# Exercise requirements
From the line that contains "Lemma iyt_term_le_hy : iyt_term" through the line that contains "Lemma ixt_term_ge0 : 0 <= ixt_term p k t.", output every line of the listing below exactly and leave out all the rest.

_____

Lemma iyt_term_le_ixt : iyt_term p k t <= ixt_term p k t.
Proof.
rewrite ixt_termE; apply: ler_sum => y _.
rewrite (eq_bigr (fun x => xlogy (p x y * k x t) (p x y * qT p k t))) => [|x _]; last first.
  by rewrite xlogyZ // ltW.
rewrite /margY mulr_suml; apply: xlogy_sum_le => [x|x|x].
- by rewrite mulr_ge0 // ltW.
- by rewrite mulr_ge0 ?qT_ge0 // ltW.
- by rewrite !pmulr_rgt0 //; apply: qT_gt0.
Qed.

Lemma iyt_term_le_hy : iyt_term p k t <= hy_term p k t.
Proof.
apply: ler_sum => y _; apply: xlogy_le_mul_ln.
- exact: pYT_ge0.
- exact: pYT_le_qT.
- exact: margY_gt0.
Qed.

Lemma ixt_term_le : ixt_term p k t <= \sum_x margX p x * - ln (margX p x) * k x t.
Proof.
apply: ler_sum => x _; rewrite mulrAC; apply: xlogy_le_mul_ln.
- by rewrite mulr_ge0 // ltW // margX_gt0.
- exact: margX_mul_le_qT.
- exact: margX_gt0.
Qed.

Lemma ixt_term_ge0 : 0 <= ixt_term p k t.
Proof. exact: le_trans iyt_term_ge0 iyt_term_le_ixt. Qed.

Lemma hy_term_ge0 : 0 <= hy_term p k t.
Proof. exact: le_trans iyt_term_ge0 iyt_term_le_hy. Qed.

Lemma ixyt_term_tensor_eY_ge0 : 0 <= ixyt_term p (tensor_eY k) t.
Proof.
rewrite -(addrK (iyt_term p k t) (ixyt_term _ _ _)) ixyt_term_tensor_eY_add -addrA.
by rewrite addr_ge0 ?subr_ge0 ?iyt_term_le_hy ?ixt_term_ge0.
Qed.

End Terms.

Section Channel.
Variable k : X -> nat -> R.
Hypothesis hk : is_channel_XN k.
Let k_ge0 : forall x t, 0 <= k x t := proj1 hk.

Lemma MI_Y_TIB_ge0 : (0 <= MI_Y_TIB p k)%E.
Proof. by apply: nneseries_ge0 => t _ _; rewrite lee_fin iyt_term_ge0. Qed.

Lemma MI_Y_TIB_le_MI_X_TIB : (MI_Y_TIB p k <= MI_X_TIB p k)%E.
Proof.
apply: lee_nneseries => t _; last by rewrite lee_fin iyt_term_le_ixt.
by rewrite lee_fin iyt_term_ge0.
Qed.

_____

# Answer to the exercise
Lemma iyt_term_le_hy : iyt_term p k t <= hy_term p k t.
Proof.
apply: ler_sum => y _; apply: xlogy_le_mul_ln.
- exact: pYT_ge0.
- exact: pYT_le_qT.
- exact: margY_gt0.
Qed.

Lemma ixt_term_le : ixt_term p k t <= \sum_x margX p x * - ln (margX p x) * k x t.
Proof.
apply: ler_sum => x _; rewrite mulrAC; apply: xlogy_le_mul_ln.
- by rewrite mulr_ge0 // ltW // margX_gt0.
- exact: margX_mul_le_qT.
- exact: margX_gt0.
Qed.

Lemma ixt_term_ge0 : 0 <= ixt_term p k t.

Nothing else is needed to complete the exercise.